● **What you are asked to do**: Which of the lines in the listing that follows hold "else"? Pull each one out.

● **Source data**:
▼

(* For all logarithmic hypermonomials $\mathfrak{m},\mathfrak{n}\in\mathfrak{L}$: (i) $(\mathfrak{m}\mathfrak{n})^\dagger=\mathfrak{m}^\dagger+\mathfrak{n}^\dagger$, and $(\mathfrak{m}^t)^\dagger=t\mathfrak{m}^\dagger$ for $t\in\mathbb{R}$; (ii) $(\mathfrak{m}\mathfrak{n})'=\mathfrak{m}'\mathfrak{n}+\mathfrak{m}\mathfrak{n}'$; (iii) if $\mathfrak{m}\ne1$ then $\mathfrak{m}'\neq0$ and $\mathfrak{m}^\dagger\ne0$; (iv) if $\mathfrak{m}\prec1$ and $\mathfrak{n}\ne1$ then $\mathfrak{m}'\prec\mathfrak{n}^\dagger$; (v) if $\mathfrak{m}\prec\mathfrak{n}\ne1$ then $\mathfrak{m}'\prec\mathfrak{n}'$; (vi) if $\mathfrak{m}\in\mathfrak{L}_{<\alpha}$ then $\operatorname{supp}\mathfrak{m}'\subseteq\{\ell_\beta^\dagger:\beta<\alpha\}\,\mathfrak{m}$.
   Context: Fix distinct symbols $\ell_\alpha$ for all ordinals. Exponent sequences $r=(r_\beta)$: reals over all ordinals, zero beyond some ordinal; monomials $\ell^r=\prod\ell_\beta^{r_\beta}$ form the abelian group $\mathfrak{L}$ ($\ell^r\ell^s=\ell^{r+s}$, $(\ell^r)^t=\ell^{tr}$), totally ordered by $\ell^r\prec\ell^s$ iff $r\ne s$ and $r_\beta<s_\beta$ at the least differing $\beta$; $\ell_\alpha$ has exponent $1$ at $\alpha$, else $0$. $\mathfrak{L}_{<\alpha}$: monomials with $r_\beta=0$ for $\beta\ge\alpha$. $\mathbb{L}_{<\alpha}=\mathbb{R}[[\mathfrak{L}_{<\alpha}]]$ is the Hahn field of real series over $\mathfrak{L}_{<\alpha}$ with well-based support, $\mathbb{L}=\bigcup\mathbb{L}_{<\alpha}$; for $f,g\in\mathbb{L}$, $f\prec g$ iff the largest monomial of $\operatorname{supp}f$ is $\prec$ that of $\operatorname{supp}g$ (with $0$ below all monomials). Define $\ell_\beta^\dagger=\prod_{\gamma\le\beta}\ell_\gamma^{-1}$ and for $\mathfrak{m}=\ell^r$: $\mathfrak{m}^\dagger=\sum_\beta r_\beta\ell_\beta^\dagger\in\mathbb{L}$ and $\mathfrak{m}'=\mathfrak{m}\,\mathfrak{m}^\dagger\in\mathbb{L}$. *)

From HB Require Import structures.
From mathcomp Require Import all_boot all_order all_algebra.
From mathcomp Require Import boolp reals.
Set Implicit Arguments. Unset Strict Implicit. Unset Printing Implicit Defensive.
Import Order.TTheory GRing.Theory Num.Theory.
Local Open Scope ring_scope.

(* Ordinals are modelled by an arbitrary well-ordered type O.
   An exponent sequence r : O -> R represents the monomial l^r. *)
Section LogHyper.
Variables (R : realType) (d : Order.disp_t) (O : orderType d).

Definition mono := O -> R.

Definition mmul (r s : mono) : mono := fun b => r b + s b.
Definition mpow (r : mono) (t : R) : mono := fun b => t * r b.
Definition mone : mono := fun _ => 0.
Definition minv (r : mono) : mono := fun b => - r b.

Definition mlt (r s : mono) : Prop :=
  exists b : O, (forall g : O, (g < b)%O -> r g = s g) /\ r b < s b.

Definition ell (a : O) : mono := fun b => if b == a then 1 else 0.

(* l_b^dagger = prod_{g <= b} l_g^{-1} *)
Definition ldag (b : O) : mono := fun g => if (g <= b)%O then -1 else 0.

Definition series := mono -> R.

Definition supp (f : series) : mono -> Prop := fun u => f u != 0.

Definition wellbased (S : mono -> Prop) : Prop :=
  forall T : mono -> Prop, (forall u, T u -> S u) -> (exists u, T u) ->
  exists u, T u /\ forall v, T v -> ~ mlt u v.

Definition hahn (f : series) : Prop := wellbased (supp f).

Definition sadd (f g : series) : series := fun u => f u + g u.
Definition sscale (t : R) (f : series) : series := fun u => t * f u.
Definition szero : series := fun _ => 0.
Definition smmul (m : mono) (f : series) : series := fun u => f (mmul u (minv m)).

Definition is_lead (f : series) (u : mono) : Prop :=
  supp f u /\ forall v, supp f v -> ~ mlt u v.

(* f \prec g for f, g in the Hahn field (0 lies below all monomials) *)
Definition slt (f g : series) : Prop :=
  hahn f /\ hahn g /\
  exists v, is_lead g v /\ forall u, is_lead f u -> mlt u v.

(* m^dagger = sum_b r_b l_b^dagger  (the l_b^dagger are pairwise distinct) *)
Definition mdag (r : mono) : series := fun u =>
  match pselect (exists b, u = ldag b) with
  | left H => r (projT1 (cid H))
  | right _ => 0
  end.

Definition mder (r : mono) : series := smmul r (mdag r).

End LogHyper.

From HB Require Import structures.
From mathcomp Require Import all_boot all_order all_algebra.
From mathcomp Require Import boolp reals.
Import Order.TTheory GRing.Theory Num.Theory.
Local Open Scope ring_scope.

(* For m = l^r and a monomial z, the series m^dagger and m' = m m^dagger have support
   {l_b^dagger z : r_b <> 0}, with z = 1 and z = m respectively.  As b |-> l_b^dagger z
   is strictly decreasing and the ordinals are well-founded, such a support is
   well-based and its largest monomial is l_b^dagger z for the least b with r_b <> 0.
   Items (iv) and (v) thereby become comparisons of two explicit monomials, settled at
   the first index where they differ. *)

Section LogHyperMonomials.
Set Implicit Arguments. Unset Strict Implicit.
Variables (R : realType) (d : Order.disp_t) (O : orderType d).
Local Notation mono := (mono R O).
Local Notation series := (series R O).
Local Notation mone := (@mone R d O).
Local Notation ldag := (@ldag R d O).
Local Notation szero := (@szero R d O).
Implicit Types (r s x y z w u v : mono) (f : series) (b c : O).

Lemma mmulC x y : mmul x y = mmul y x.
Proof. by apply: funext => b; rewrite /mmul addrC. Qed.

Lemma mmulx1 x : mmul x mone = x.
Proof. by apply: funext => b; rewrite /mmul /mone addr0. Qed.

Lemma mmulK x y : mmul (mmul x y) (minv y) = x.
Proof. by apply: funext => b; rewrite /mmul /minv addrK. Qed.

Lemma mmulVK x y : mmul (mmul x (minv y)) y = x.
Proof. by apply: funext => b; rewrite /mmul /minv subrK. Qed.

Lemma minvM x y : minv (mmul x y) = mmul (minv x) (minv y).
Proof. by apply: funext => b; rewrite /mmul /minv opprD. Qed.

Lemma mlt_mul x y z w b :
  (forall c, (c < b)%O -> x c = y c) -> (forall c, (c < b)%O -> z c = w c) ->
  x b < y b -> z b <= w b -> mlt (mmul x z) (mmul y w).
Proof.
move=> exy ezw lt_xy le_zw; exists b; split; last exact: ltr_leD.
by move=> c cb; rewrite /mmul exy ?ezw.
Qed.

Lemma mlt_mul2r z x y : mlt (mmul x z) (mmul y z) <-> mlt x y.
Proof.
have mlt_mulr z' x' y' : mlt x' y' -> mlt (mmul x' z') (mmul y' z').
  by case=> b [exy lt_xy]; apply: (mlt_mul (b := b)).
by split; [move/(mlt_mulr (minv z)); rewrite !mmulK | exact: mlt_mulr].
Qed.

Lemma ldag_inj : injective ldag.
Proof.
have N10 : (-1 : R) == 0 = false by rewrite oppr_eq0 oner_eq0.
move=> b c E; apply: le_anti; apply/andP; split.
  have := congr1 (@^~ b) E; rewrite /ldag lexx.
  by case: ifP => // _ /eqP; rewrite N10.
have := congr1 (@^~ c) E; rewrite /ldag lexx.
by case: ifP => // _ /esym/eqP; rewrite N10.
Qed.

Lemma mlt_ldag b c : mlt (ldag b) (ldag c) -> (c < b)%O.
Proof.
case=> g [_]; rewrite /ldag.
case: ifP => gb; case: ifP => gc; rewrite ?ltxx ?ltrN10 ?ltr0N1 // => _.
by apply: lt_le_trans gb; rewrite ltNge gc.
Qed.

Definition first_nz r b := r b != 0 /\ forall c, r c != 0 -> (b <= c)%O.

Lemma first_nz_below r b c : first_nz r b -> (c < b)%O -> r c = 0.
Proof. by move=> [_ bmin] cb; apply/eqP; apply: contraTT cb => /bmin; rewrite leNgt. Qed.

Lemma first_nz_mlt1 r b : mlt r mone -> first_nz r b -> r b < 0.
Proof.
rewrite /mone => -[c [below lt_c]] [rb bmin].
have : (b <= c)%O by apply: bmin; rewrite ltr0_neq0.
rewrite le_eqVlt => /predU1P [-> //| bc].
by move: rb; rewrite below ?eqxx.
Qed.

Lemma mlt_first_nz r s b1 b2 : mlt r s -> first_nz r b1 -> first_nz s b2 ->
  mlt (mmul (ldag b1) r) (mmul (ldag b2) s).
Proof.
move=> [b [ers lt_rs]] fr fs; rewrite mmulC [mmul _ s]mmulC.
have b_le c : r c != s c -> (b <= c)%O.
  by move=> ne; rewrite leNgt; apply/negP => /ers/eqP; rewrite (negPf ne).
(* Unless b1 = b2, the first difference b of r and s is at most min(b1, b2). *)
have eq_dag c : (c <= b)%O -> ldag b1 c = ldag b2 c.
  move=> cb; rewrite /ldag; case: (ltgtP b1 b2) => [lt12|lt21|-> //].
  - have bb1 : (b <= b1)%O by apply: b_le; rewrite (first_nz_below fs lt12) fr.1.
    by rewrite (le_trans cb bb1) (le_trans cb (le_trans bb1 (ltW lt12))).
  - have bb2 : (b <= b2)%O by apply: b_le; rewrite (first_nz_below fr lt21) eq_sym fs.1.
    by rewrite (le_trans cb bb2) (le_trans cb (le_trans bb2 (ltW lt21))).
apply: (mlt_mul (b := b)) => //; last by rewrite eq_dag.
by move=> c cb; apply: eq_dag; apply: ltW.
Qed.

Lemma neq_mone_exists_nz r : r <> mone -> exists b, r b != 0.
Proof.
move=> r1; apply: contrapT => nz; apply: r1; apply: funext => b.
by apply/eqP; apply: contrapT => rb; apply: nz; exists b; apply/negP.
Qed.

Definition supp_ldag_shift f r z :=
  forall u, supp f u <-> exists2 b, u = mmul (ldag b) z & r b != 0.

Lemma mdag_ldag r b : mdag r (ldag b) = r b.
Proof.
rewrite /mdag; case: pselect => [H|[]]; last by exists b.
by case: (cid H) => c /= /ldag_inj ->.
Qed.

Lemma mdag_out r u : ~ (exists b, u = ldag b) -> mdag r u = 0.
Proof. by rewrite /mdag; case: pselect. Qed.

Lemma mdag_mul r s : mdag (mmul r s) = sadd (mdag r) (mdag s).
Proof.
apply: funext => u; rewrite /sadd.
have [[b ->]|nb] := pselect (exists b, u = ldag b); first by rewrite !mdag_ldag.
by rewrite !mdag_out // addr0.
Qed.

Lemma mdag_pow r t : mdag (mpow r t) = sscale t (mdag r).
Proof.
apply: funext => u; rewrite /sscale.
have [[b ->]|nb] := pselect (exists b, u = ldag b); first by rewrite !mdag_ldag.
by rewrite !mdag_out // mulr0.
Qed.

Lemma smmulD x (f g : series) : smmul x (sadd f g) = sadd (smmul x f) (smmul x g).
Proof. by []. Qed.

Lemma smmul_mul x y f : smmul (mmul x y) f = smmul y (smmul x f).
Proof.
apply: funext => u; rewrite /smmul minvM.
by congr f; apply: funext => b; rewrite /mmul addrA addrAC.
Qed.

Lemma mder_mul r s : mder (mmul r s) = sadd (smmul s (mder r)) (smmul r (mder s)).
Proof. by rewrite /mder mdag_mul smmulD -!smmul_mul [mmul s r]mmulC. Qed.

Lemma supp_mdag r : supp_ldag_shift (mdag r) r mone.
Proof.
move=> u; rewrite /supp; split => [|[b -> rb]]; last by rewrite mmulx1 mdag_ldag.
have [[b ->]|nb] := pselect (exists b, u = ldag b); last by rewrite mdag_out ?eqxx.
by rewrite mdag_ldag => rb; exists b; rewrite ?mmulx1.
Qed.

Lemma supp_mder r : supp_ldag_shift (mder r) r r.
Proof.
move=> u; rewrite -[supp _ u]/(supp (mdag r) (mmul u (minv r))) (supp_mdag r).
split=> [[b eu rb]|[b -> rb]]; exists b => //.
  by rewrite -(mmulVK u r) eu mmulx1.
by rewrite mmulK mmulx1.
Qed.

Lemma supp_ldag_shift_neq0 f r z : supp_ldag_shift f r z -> r <> mone -> f <> szero.
Proof.
move=> sf /neq_mone_exists_nz [b rb] f0.
have : supp f (mmul (ldag b) z) by apply/sf; exists b.
by rewrite f0 /supp /szero eqxx.
Qed.

Lemma is_lead_supp_ldag_shift f r z b :
  supp_ldag_shift f r z -> first_nz r b -> is_lead f (mmul (ldag b) z).
Proof.
move=> sf [rb bmin]; split; first by apply/sf; exists b.
move=> _ /sf [c -> /bmin bc] /mlt_mul2r /mlt_ldag.
by rewrite ltNge bc.
Qed.

Section WellFounded.
Hypothesis wfO : well_founded (fun x y : O => (x < y)%O).

Lemma exists_least (P : O -> Prop) :
  (exists b, P b) -> exists b, P b /\ forall c, P c -> (b <= c)%O.
Proof.
move=> [b0 Pb0]; apply: contrapT => nleast; move: Pb0.
elim: (wfO b0) => {}b0 _ IH Pb0; apply: nleast; exists b0; split => // c Pc.
by rewrite leNgt; apply/negP => cb0; apply: IH Pc.
Qed.

Lemma exists_succ b c : (c < b)%O ->
  exists g, [/\ (c < g)%O, (g <= b)%O & forall h, (h < g)%O -> (h <= c)%O].
Proof.
move=> cb; have [g [cg gmin]] := exists_least (ex_intro (fun g => (c < g)%O) b cb).
exists g; split => [//||h hg]; first exact: gmin.
by rewrite leNgt; apply/negP => /gmin; rewrite leNgt hg.
Qed.

Lemma ldag_lt b c : (c < b)%O -> mlt (ldag b) (ldag c).
Proof.
move=> /[dup] cb /exists_succ [g [cg gb gmin]]; exists g; split.
  by move=> h /gmin hc; rewrite /ldag hc (le_trans hc (ltW cb)).
by rewrite /ldag gb leNgt cg ltrN10.
Qed.

Lemma exists_first_nz r : r <> mone -> exists b, first_nz r b.
Proof. by move/neq_mone_exists_nz/exists_least. Qed.

(* The first nonzero exponent of r is negative; when c < b the two monomials first
   differ at the successor of c. *)
Lemma mlt_first_nz_ldag r b c :
  mlt r mone -> first_nz r b -> mlt (mmul (ldag b) r) (ldag c).
Proof.
move=> r1 fr; have rb := first_nz_mlt1 r1 fr.
have below h : (h < b)%O -> r h = 0 by apply: first_nz_below.
case: (leP b c) => [bc|cb].
  rewrite mmulC -[ldag c]mmulx1 [mmul _ mone]mmulC.
  apply: (mlt_mul (b := b)) => [h /below //|h hb||].
  - by rewrite /ldag (ltW hb) (le_trans (ltW hb) bc).
  - exact: rb.
  - by rewrite /ldag lexx bc.
have [g [cg gb gmin]] := exists_succ cb.
rewrite -[ldag c]mmulx1; apply: (mlt_mul (b := g)).
- by move=> h /gmin hc; rewrite /ldag hc (le_trans hc (ltW cb)).
- by move=> h /gmin hc; rewrite below // (le_lt_trans hc cb).
- by rewrite /ldag gb leNgt cg ltrN10.
- by move: gb; rewrite /mone le_eqVlt => /predU1P [-> |/below ->]; first exact: ltW.
Qed.

Lemma hahn_supp_ldag_shift f r z : supp_ldag_shift f r z -> hahn f.
Proof.
move=> sf T sub_Tf [u0 Tu0]; have [b0 eu0 rb0] := (sf u0).1 (sub_Tf _ Tu0).
rewrite eu0 in Tu0.
have [b [[rb Tb] bmin]] := exists_least
  (ex_intro (fun b => r b != 0 /\ T (mmul (ldag b) z)) b0 (conj rb0 Tu0)).
exists (mmul (ldag b) z); split => // v Tv.
have [c ev rc] := (sf v).1 (sub_Tf _ Tv).
rewrite ev => /mlt_mul2r /mlt_ldag.
by rewrite ltNge bmin // -ev.
Qed.

Lemma is_lead_supp_ldag_shiftP f r z u : supp_ldag_shift f r z -> is_lead f u ->
  exists2 b, first_nz r b & u = mmul (ldag b) z.
Proof.
move=> sf [su umax]; have [b eu rb] := (sf u).1 su.
exists b => //; split => // c rc; rewrite leNgt; apply/negP => cb.
apply: (umax (mmul (ldag c) z)); first by apply/sf; exists c.
by rewrite eu mlt_mul2r; apply: ldag_lt.
Qed.

Lemma slt_supp_ldag_shift (f g : series) r s z w :
  supp_ldag_shift f r z -> supp_ldag_shift g s w -> s <> mone ->
  (forall b1 b2, first_nz r b1 -> first_nz s b2 ->
     mlt (mmul (ldag b1) z) (mmul (ldag b2) w)) ->
  slt f g.
Proof.
move=> sf sg s1 lt_lead; split; first exact: hahn_supp_ldag_shift sf.
split; first exact: hahn_supp_ldag_shift sg.
have [b2 fs] := exists_first_nz s1.
exists (mmul (ldag b2) w); split; first exact: is_lead_supp_ldag_shift.
by move=> _ /(is_lead_supp_ldag_shiftP sf) [b1 fr ->]; apply: lt_lead.
Qed.

End WellFounded.
End LogHyperMonomials.

Theorem lemma3p1 (R : realType) (d : Order.disp_t) (O : orderType d)
  (wfO : well_founded (fun x y : O => (x < y)%O))
  (m n : mono R O) :
  (* (i) *)
  (mdag (mmul m n) = sadd (mdag m) (mdag n) /\
   forall t : R, mdag (mpow m t) = sscale t (mdag m)) /\
  (* (ii) *)
  mder (mmul m n) = sadd (smmul n (mder m)) (smmul m (mder n)) /\
  (* (iii) *)
  (m <> @mone R d O -> mder m <> @szero R d O /\ mdag m <> @szero R d O) /\
  (* (iv) *)
  (mlt m (@mone R d O) -> n <> @mone R d O -> slt (mder m) (mdag n)) /\
  (* (v) *)
  (mlt m n -> n <> @mone R d O -> slt (mder m) (mder n)) /\
  (* (vi) *)
  (forall a : O, (forall b : O, (a <= b)%O -> m b = 0) ->
     forall u : mono R O, supp (mder m) u ->
       exists b : O, (b < a)%O /\ u = mmul (@ldag R d O b) m).
Proof.
split; first by split; [exact: mdag_mul | exact: mdag_pow].
split; first exact: mder_mul.
split.
  move=> m1; split; apply: supp_ldag_shift_neq0 m1.
    exact: supp_mder.
  exact: supp_mdag.
split.
  move=> m1 n1; apply: (slt_supp_ldag_shift wfO (supp_mder m) (supp_mdag n) n1).
  by move=> b1 b2 fm _; rewrite mmulx1; exact: mlt_first_nz_ldag.
split.
  move=> mn n1; apply: (slt_supp_ldag_shift wfO (supp_mder m) (supp_mder n) n1).
  by move=> b1 b2; exact: mlt_first_nz.
move=> a ma u /supp_mder [b -> mb]; exists b; split => //.
by rewrite ltNge; apply: contra mb => /ma ->.
Qed.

▲

● **Problem solution**:
   Context: Fix distinct symbols $\ell_\alpha$ for all ordinals. Exponent sequences $r=(r_\beta)$: reals over all ordinals, zero beyond some ordinal; monomials $\ell^r=\prod\ell_\beta^{r_\beta}$ form the abelian group $\mathfrak{L}$ ($\ell^r\ell^s=\ell^{r+s}$, $(\ell^r)^t=\ell^{tr}$), totally ordered by $\ell^r\prec\ell^s$ iff $r\ne s$ and $r_\beta<s_\beta$ at the least differing $\beta$; $\ell_\alpha$ has exponent $1$ at $\alpha$, else $0$. $\mathfrak{L}_{<\alpha}$: monomials with $r_\beta=0$ for $\beta\ge\alpha$. $\mathbb{L}_{<\alpha}=\mathbb{R}[[\mathfrak{L}_{<\alpha}]]$ is the Hahn field of real series over $\mathfrak{L}_{<\alpha}$ with well-based support, $\mathbb{L}=\bigcup\mathbb{L}_{<\alpha}$; for $f,g\in\mathbb{L}$, $f\prec g$ iff the largest monomial of $\operatorname{supp}f$ is $\prec$ that of $\operatorname{supp}g$ (with $0$ below all monomials). Define $\ell_\beta^\dagger=\prod_{\gamma\le\beta}\ell_\gamma^{-1}$ and for $\mathfrak{m}=\ell^r$: $\mathfrak{m}^\dagger=\sum_\beta r_\beta\ell_\beta^\dagger\in\mathbb{L}$ and $\mathfrak{m}'=\mathfrak{m}\,\mathfrak{m}^\dagger\in\mathbb{L}$. *)
Definition ell (a : O) : mono := fun b => if b == a then 1 else 0.
Definition ldag (b : O) : mono := fun g => if (g <= b)%O then -1 else 0.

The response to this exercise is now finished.